D’un autre côté, quels sont les papiers publics qu’on autorise ? Tous ceux avec lesquels on se flatte d’égarer l’opinion coupables lorsqu’ils parlent, plus coupables lorsqu’ils se taisent, on sait que tout en eux est l’effet de la complaisance la plus servile et la plus criminelle ; s’il était nécessaire de citer des faits, je ne serais embarrassé que du choix.

Sous le duumvirat Brienne et Lamoignon, n’a-t-on pas vu le Journal de Paris annoncer comme certaine l’acceptation de différents bailliages dont les refus étaient constatés par les protestations les plus énergiques ? Le Mercure de France ne vient-il pas tout récemment encore de mentir impudemment aux habitants de la capitale et des provinces ? Lisez l’avant-dernier numéro, vous y verrez qu’à Paris, aux assemblées de district, les présidents nommés par la municipalité se sont volontairement démis de la présidence, et l’ont presque tous obtenue du suffrage libre de l’assemblée ; tandis qu’il est notoire qu’ils ont opposé la résistance la plus tenace et la plus indécente, et que, sur le nombre de soixante, à peine en compte-t-on trois ou quatre à qui les différentes assemblées aient décerné l’honneur qu’on leur accorde si gratuitement dans le Mercure.

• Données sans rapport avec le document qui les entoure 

Definition pauli_mul (a b : pauli) : pauli :=
  match a, b with
  | PI, o | o, PI => o
  | PX, PX | PY, PY | PZ, PZ => PI
  | PX, PY | PY, PX => PZ
  | PY, PZ | PZ, PY => PX
  | PZ, PX | PX, PZ => PY
  end.

Definition pauli_phase (a b : pauli) : algC :=
  match a, b with
  | PX, PY | PY, PZ | PZ, PX => 'i
  | PY, PX | PZ, PY | PX, PZ => - 'i
  | _, _ => 1
  end.

Definition pauli_anti (a b : pauli) : bool := [&& a != PI, b != PI & a != b].

Lemma pauli_mulC : commutative pauli_mul. Proof. by case; case. Qed.
Lemma pauli_mulA : associative pauli_mul. Proof. by case; case; case. Qed.
Lemma pauli_mul1 : left_id PI pauli_mul. Proof. by case. Qed.
Lemma pauli_mulxx a : pauli_mul a a = PI. Proof. by case: a. Qed.

Lemma pauli_antiC a b : pauli_anti a b = pauli_anti b a. Proof. by case: a; case: b. Qed.
Lemma pauli_antixx a : pauli_anti a a = false. Proof. by case: a. Qed.
Lemma pauli_antiDl a b c :
  pauli_anti (pauli_mul a b) c = pauli_anti a c (+) pauli_anti b c.
Proof. by case: a; case: b; case: c. Qed.

Lemma conjCNi : (- 'i)^* = 'i :> algC. Proof. by rewrite -conjCi conjCK. Qed.

Lemma pauli_entry_mul a b x y :
  \sum_(u : bool) pauli_entry a x u * pauli_entry b u y
  = pauli_phase a b * pauli_entry (pauli_mul a b) x y.
Proof.
rewrite big_bool.
by case: a; case: b; case: x; case: y;
  rewrite /= ?(mulr0, mul0r, mulr1, mul1r, addr0, add0r, mulrN, mulNr, opprK, mulCii).
Qed.

Lemma pauli_phaseC a b : pauli_phase a b = (-1) ^+ pauli_anti a b * pauli_phase b a.
Proof. by case: a; case: b; rewrite /= ?expr1 ?expr0 ?mul1r ?mulN1r ?opprK. Qed.

Lemma pauli_phasexx a : pauli_phase a a = 1. Proof. by case: a. Qed.

Lemma pauli_phase_neq0 a b : pauli_phase a b != 0.
Proof. by have := @neq0Ci algC; case: a; case: b; rewrite /= ?oner_neq0 ?oppr_eq0. Qed.

Lemma pauli_entry1 x y : pauli_entry PI x y = (x == y)%:R.
Proof. by case: x; case: y. Qed.

Lemma conj_pauli_entry a x y : (pauli_entry a x y)^* = pauli_entry a y x.
Proof.
by case: a; case: x; case: y; rewrite /= ?conjC0 ?conjC1 ?conjCN1 ?conjCi ?conjCNi.
Qed.

Lemma pauli_entry_orth a b :
  \sum_(x : bool) \sum_(y : bool) (pauli_entry a x y)^* * pauli_entry b x y
  = if a == b then 2 else 0.
Proof.
rewrite !big_bool.
by case: a; case: b; rewrite /= ?(conjC0, conjC1, conjCN1, conjCi, conjCNi, opprK, oppr0,
  mulr0, mul0r, mulr1, mul1r, addr0, add0r, mulrN, mulNr, mulCii, addNr, subrr).
Qed.

Section PauliOperators.
Variable m : nat.
Implicit Types P Q T : pstring m.

Definition pstring_mul P Q : pstring m := fun j => pauli_mul (P j) (Q j).
Definition pstring_phase P Q : algC := \prod_(j < m) pauli_phase (P j) (Q j).
Definition anticomm P Q : bool := \big[addb/false]_(j < m) pauli_anti (P j) (Q j).

Lemma anticommC P Q : anticomm P Q = anticomm Q P.
Proof. by apply: eq_bigr => j _; rewrite pauli_antiC. Qed.

Lemma opmul_pmat P Q x y :
  opmul (pmat P) (pmat Q) x y = pstring_phase P Q * pmat (pstring_mul P Q) x y.
Proof.
rewrite -big_split /=; under eq_bigr do rewrite -pauli_entry_mul.
rewrite bigA_distr_bigA; apply: eq_bigr => z _.
by rewrite -big_split.
Qed.

Lemma opmul_pmatC P Q x y :
  opmul (pmat P) (pmat Q) x y = (-1) ^+ anticomm P Q * opmul (pmat Q) (pmat P) x y.
Proof.
rewrite !opmul_pmat mulrA; congr (_ * _).
  rewrite /anticomm.
  rewrite (big_morph (fun b : bool => (-1) ^+ b : algC) (signr_addb _) (id2 := false) (expr0 _)).
  by rewrite -big_split; apply: eq_bigr => j _; apply: pauli_phaseC.
by apply: eq_bigr => j _; rewrite /pstring_mul pauli_mulC.
Qed.

Lemma pmat1 x y : pmat (fun _ : 'I_m => PI) x y = (x == y)%:R :> algC.
Proof.
rewrite /pmat; under eq_bigr do rewrite pauli_entry1.
have [<-|neq_xy] := eqVneq x y; first by rewrite big1 // => j _; rewrite eqxx.
have [j neq_j] : exists j, x j != y j.
  apply/existsP; apply: contraNT neq_xy => /existsPn same.
  by apply/eqP/ffunP => j; apply/eqP/negPn.
by rewrite (bigD1 j) //= (negbTE neq_j) mul0r.
Qed.

Lemma opmul_pmatxx P x y : opmul (pmat P) (pmat P) x y = (x == y)%:R.
Proof.
rewrite opmul_pmat /pstring_phase big1 ?mul1r => [|j _]; last exact: pauli_phasexx.
by rewrite -pmat1; apply: eq_bigr => j _; rewrite /pstring_mul pauli_mulxx.
Qed.

Lemma conj_pmat P x y : (pmat P x y)^* = pmat P y x.
Proof. by rewrite rmorph_prod; apply: eq_bigr => j _; apply: conj_pauli_entry. Qed.

Lemma pmat_orth P Q :
  \sum_(x : bits m) \sum_(y : bits m) (pmat P x y)^* * pmat Q x y
  = \prod_(j < m) (if P j == Q j then 2 else 0).
Proof.
pose F j a b := (pauli_entry (P j) a b)^* * pauli_entry (Q j) a b.
under eq_bigr do under eq_bigr do rewrite rmorph_prod -big_split /=.
under eq_bigr => x _ do rewrite -(bigA_distr_bigA (fun j => F j (x j))) /=.
rewrite -(bigA_distr_bigA (fun j a => \sum_(b : bool) F j a b)).
by apply: eq_bigr => j _; apply: pauli_entry_orth.
Qed.

Lemma pmat_scale_inj P Q c : (forall x y, pmat P x y = c * pmat Q x y) -> P =1 Q.
Proof.
move=> PcQ j; apply/eqP.
have orth : \prod_(j < m) (if P j == P j then 2 else 0)
            = c * \prod_(j < m) (if P j == Q j then 2 else 0) :> algC.
  rewrite -!pmat_orth mulr_sumr; apply: eq_bigr => x _; rewrite mulr_sumr.
  by apply: eq_bigr => y _; rewrite {2}PcQ mulrCA.
have : \prod_(j < m) (if P j == P j then 2 else 0) != 0 :> algC.
  by rewrite prodf_seq_neq0; apply/allP => i _; rewrite eqxx pnatr_eq0.
rewrite orth mulf_eq0 negb_or => /andP[_].
by rewrite (bigD1 j) //= mulf_eq0 negb_or; case: (P j == Q j); rewrite ?eqxx.
Qed.

Lemma proportional_opmul_pmat P Q T :
  proportional (opmul (pmat P) (pmat Q)) (pmat T) -> pstring_mul P Q =1 T.
Proof.
case=> c PQcT; apply: (@pmat_scale_inj _ _ (c / pstring_phase P Q)) => x y.
have phase_neq0 : pstring_phase P Q != 0.
  by rewrite prodf_seq_neq0; apply/allP => j _; exact: pauli_phase_neq0.
by rewrite mulrAC -PQcT opmul_pmat mulrC mulKf.
Qed.

End PauliOperators.

(* Pauli strings up to phase, as finite functions so that sets of them are finite. *)
Notation pvec m := {ffun 'I_m -> pauli}.

Section StabilizerStates.
Variable m : nat.

Definition opvec (A : bits m -> bits m -> algC) (v : bits m -> algC) (x : bits m) : algC :=
  \sum_(y : bits m) A x y * v y.

Lemma opvec_opmul A B v x : opvec A (opvec B v) x = opvec (opmul A B) v x.
Proof.
rewrite /opvec /opmul; under eq_bigr do rewrite mulr_sumr.
rewrite exchange_big; apply: eq_bigr => y _.
by rewrite mulr_suml; apply: eq_bigr => z _; rewrite mulrA.
Qed.

Lemma opvecD A u v x : opvec A (fun y => u y + v y) x = opvec A u x + opvec A v x.
Proof. by rewrite -big_split; apply: eq_bigr => y _; rewrite mulrDr. Qed.

Lemma opvecZ A c v x : opvec A (fun y => c * v y) x = c * opvec A v x.
Proof. by rewrite mulr_sumr; apply: eq_bigr => y _; rewrite mulrCA. Qed.

Lemma eq_opvec A u v x : u =1 v -> opvec A u x = opvec A v x.
Proof. by move=> uv; apply: eq_bigr => y _; rewrite uv. Qed.

Lemma opvec_pmatxx P v x : opvec (pmat P) (opvec (pmat P) v) x = v x.
Proof.
rewrite opvec_opmul /opvec (bigD1 x) //= opmul_pmatxx eqxx mul1r big1 ?addr0 // => y neq_yx.
by rewrite opmul_pmatxx eq_sym (negbTE neq_yx) mul0r.
Qed.

Lemma opvec_pmatC P Q v x :
  opvec (pmat P) (opvec (pmat Q) v) x
  = (-1) ^+ anticomm P Q * opvec (pmat Q) (opvec (pmat P) v) x.
Proof.
rewrite !opvec_opmul mulr_sumr; apply: eq_bigr => y _.
by rewrite opmul_pmatC mulrA.
Qed.

Lemma opvec_pmat_adj P u v :
  \sum_x (opvec (pmat P) u x)^* * v x = \sum_x (u x)^* * opvec (pmat P) v x.
Proof.
under eq_bigr do rewrite rmorph_sum mulr_suml.
rewrite exchange_big; apply: eq_bigr => y _; rewrite mulr_sumr; apply: eq_bigr => x _.
by rewrite rmorphM /= conj_pmat mulrCA mulrA.
Qed.

Definition pm_eigenvector (P : pstring m) (v : bits m -> algC) :=
  exists s : bool, forall x, opvec (pmat P) v x = (-1) ^+ s * v x.

Lemma exists_common_eigenvector (gs : seq (pvec m)) :
  {in gs &, forall g h : pvec m, ~~ anticomm g h} ->
  exists2 v : bits m -> algC, exists x, v x != 0 & forall g, g \in gs -> pm_eigenvector g v.
Proof.
elim: gs => [|g gs IH] comm_gs.
  exists (fun x => (x == [ffun=> false])%:R) => //.
  by exists [ffun=> false]; rewrite eqxx oner_neq0.
have [v [x0 vx0_neq0] eig_v] : exists2 v : bits m -> algC,
    exists x, v x != 0 & forall h, h \in gs -> pm_eigenvector h v.
  by apply: IH => h h' hh hh'; apply: comm_gs; rewrite inE ?hh ?hh' orbT.
(* (1 + g) v and (1 - g) v are eigenvectors of g, and they sum to 2 v != 0. *)
pose w (s : bool) y := v y + (-1) ^+ s * opvec (pmat g) v y.
have eig_w s : forall h, h \in g :: gs -> pm_eigenvector h (w s).
  move=> h; rewrite inE => /predU1P[->|hgs].
    exists s => x; rewrite opvecD opvecZ opvec_pmatxx mulrDr mulrA -expr2 sqrr_sign.
    by rewrite mul1r addrC.
  have [l eig_hv] := eig_v h hgs; exists l => x.
  rewrite opvecD opvecZ eig_hv mulrDr; congr (_ + _).
  rewrite opvec_pmatC (negbTE (comm_gs _ _ _ _)) ?inE ?hgs ?eqxx ?orbT // mul1r.
  by rewrite (eq_opvec _ _ eig_hv) opvecZ mulrCA.
have [s w_neq0] : exists s, exists x, w s x != 0.
  have : w false x0 + w true x0 != 0.
    by rewrite addrACA /= expr0 expr1 mul1r mulN1r subrr addr0 -mulr2n mulrn_eq0.
  case: (w false x0 =P 0) => [w0|/eqP]; last by exists false; exists x0.
  by rewrite w0 add0r; exists true; exists x0.
by exists (w s); last exact: eig_w.
Qed.

Lemma expectE A v : expect A v = \sum_x (v x)^* * opvec A v x.
Proof.
by apply: eq_bigr => x _; rewrite mulr_sumr; apply: eq_bigr => y _; rewrite mulrA.
Qed.

Lemma expect_eigen_anticomm P g v :
  pm_eigenvector g v -> anticomm P g -> expect (pmat P) v = 0.
Proof.
case=> s eig_gv anti_Pg; set E := expect _ _.
have conj_sign : ((-1) ^+ s)^* = (-1) ^+ s :> algC by rewrite rmorph_sign.
have sE1 : (-1) ^+ s * E = \sum_x (v x)^* * opvec (pmat P) (opvec (pmat g) v) x.
  rewrite /E expectE mulr_sumr; apply: eq_bigr => x _.
  by rewrite (eq_opvec _ _ eig_gv) opvecZ mulrCA.
have sE2 : (-1) ^+ s * E = \sum_x (opvec (pmat g) v x)^* * opvec (pmat P) v x.
  rewrite /E expectE mulr_sumr; apply: eq_bigr => x _.
  by rewrite eig_gv rmorphM /= conj_sign mulrA.
have : (-1) ^+ s * E = - ((-1) ^+ s * E).
  rewrite {1}sE2 opvec_pmat_adj sE1 -sumrN; apply: eq_bigr => x _.
  by rewrite opvec_pmatC anticommC anti_Pg mulN1r mulrN.
move/eqP; rewrite -addr_eq0 -mulr2n mulrn_eq0 /= mulf_eq0 signr_eq0.
by move/eqP.
Qed.

Lemma expectZ (A : bits m -> bits m -> algC) c v :
  expect A (fun x => c * v x) = c^* * c * expect A v.
Proof.
rewrite mulr_sumr; apply: eq_bigr => x _; rewrite mulr_sumr; apply: eq_bigr => y _.
by rewrite rmorphM /=; ring.
Qed.

Lemma exists_normalization (v : bits m -> algC) :
  (exists x, v x != 0) -> exists c, is_state (fun x => c * v x).
Proof.
case=> x0 vx0_neq0; set N := \sum_x (v x)^* * v x.
have norm_ge0 x : 0 <= (v x)^* * v x by rewrite mulrC mul_conjC_ge0.
have N_neq0 : N != 0.
  apply: contraNneq vx0_neq0 => /(psumr_eq0P (fun x _ => norm_ge0 x)) /(_ x0 isT).
  by move/eqP; rewrite mulrC mul_conjC_eq0.
set c := (sqrtC N)^-1; exists c.
have c_real : c^* = c.
  by apply: geC0_conj; rewrite invr_ge0 sqrtC_ge0 sumr_ge0.
have ccN : c * c * N = 1 by rewrite -invfM -expr2 sqrtCK mulVf.
rewrite /is_state -ccN mulr_sumr; apply: eq_bigr => x _.
by rewrite rmorphM /= c_real; ring.
Qed.

End StabilizerStates.

Lemma exists_notin (T : finType) (A B : {set T}) :
  (#|B| < #|A|)%N -> exists2 x, x \in A & x \notin B.
Proof.
move=> ltBA; have [/subset_leq_card|/subsetPn[x]] := boolP (A \subset B); last by exists x.
by rewrite leqNgt ltBA.
Qed.

Lemma pow2_cancel a k l n : (a * 2 ^ k = 2 ^ n)%N -> n = (k + l)%N -> a = (2 ^ l)%N.
Proof.
by move=> akn def_n; apply/eqP; rewrite -(eqn_pmul2r (expn_gt0 2 k)) akn def_n addnC expnD.
Qed.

Vous trouverez encore dans ce même journal de perfides insinuations en faveur de la délibération par ordre. Tels sont cependant les papiers publics auxquels un ministère corrupteur accorde toute sa bienveillance. Ils prennent effrontément le titre de papiers nationaux ; ou pousse l’indignité jusqu’à forcer la confiance du public par ces archives de mensonges ; et ce public, trompé par abonnement, devient lui-même le complice de ceux qui l’égarent.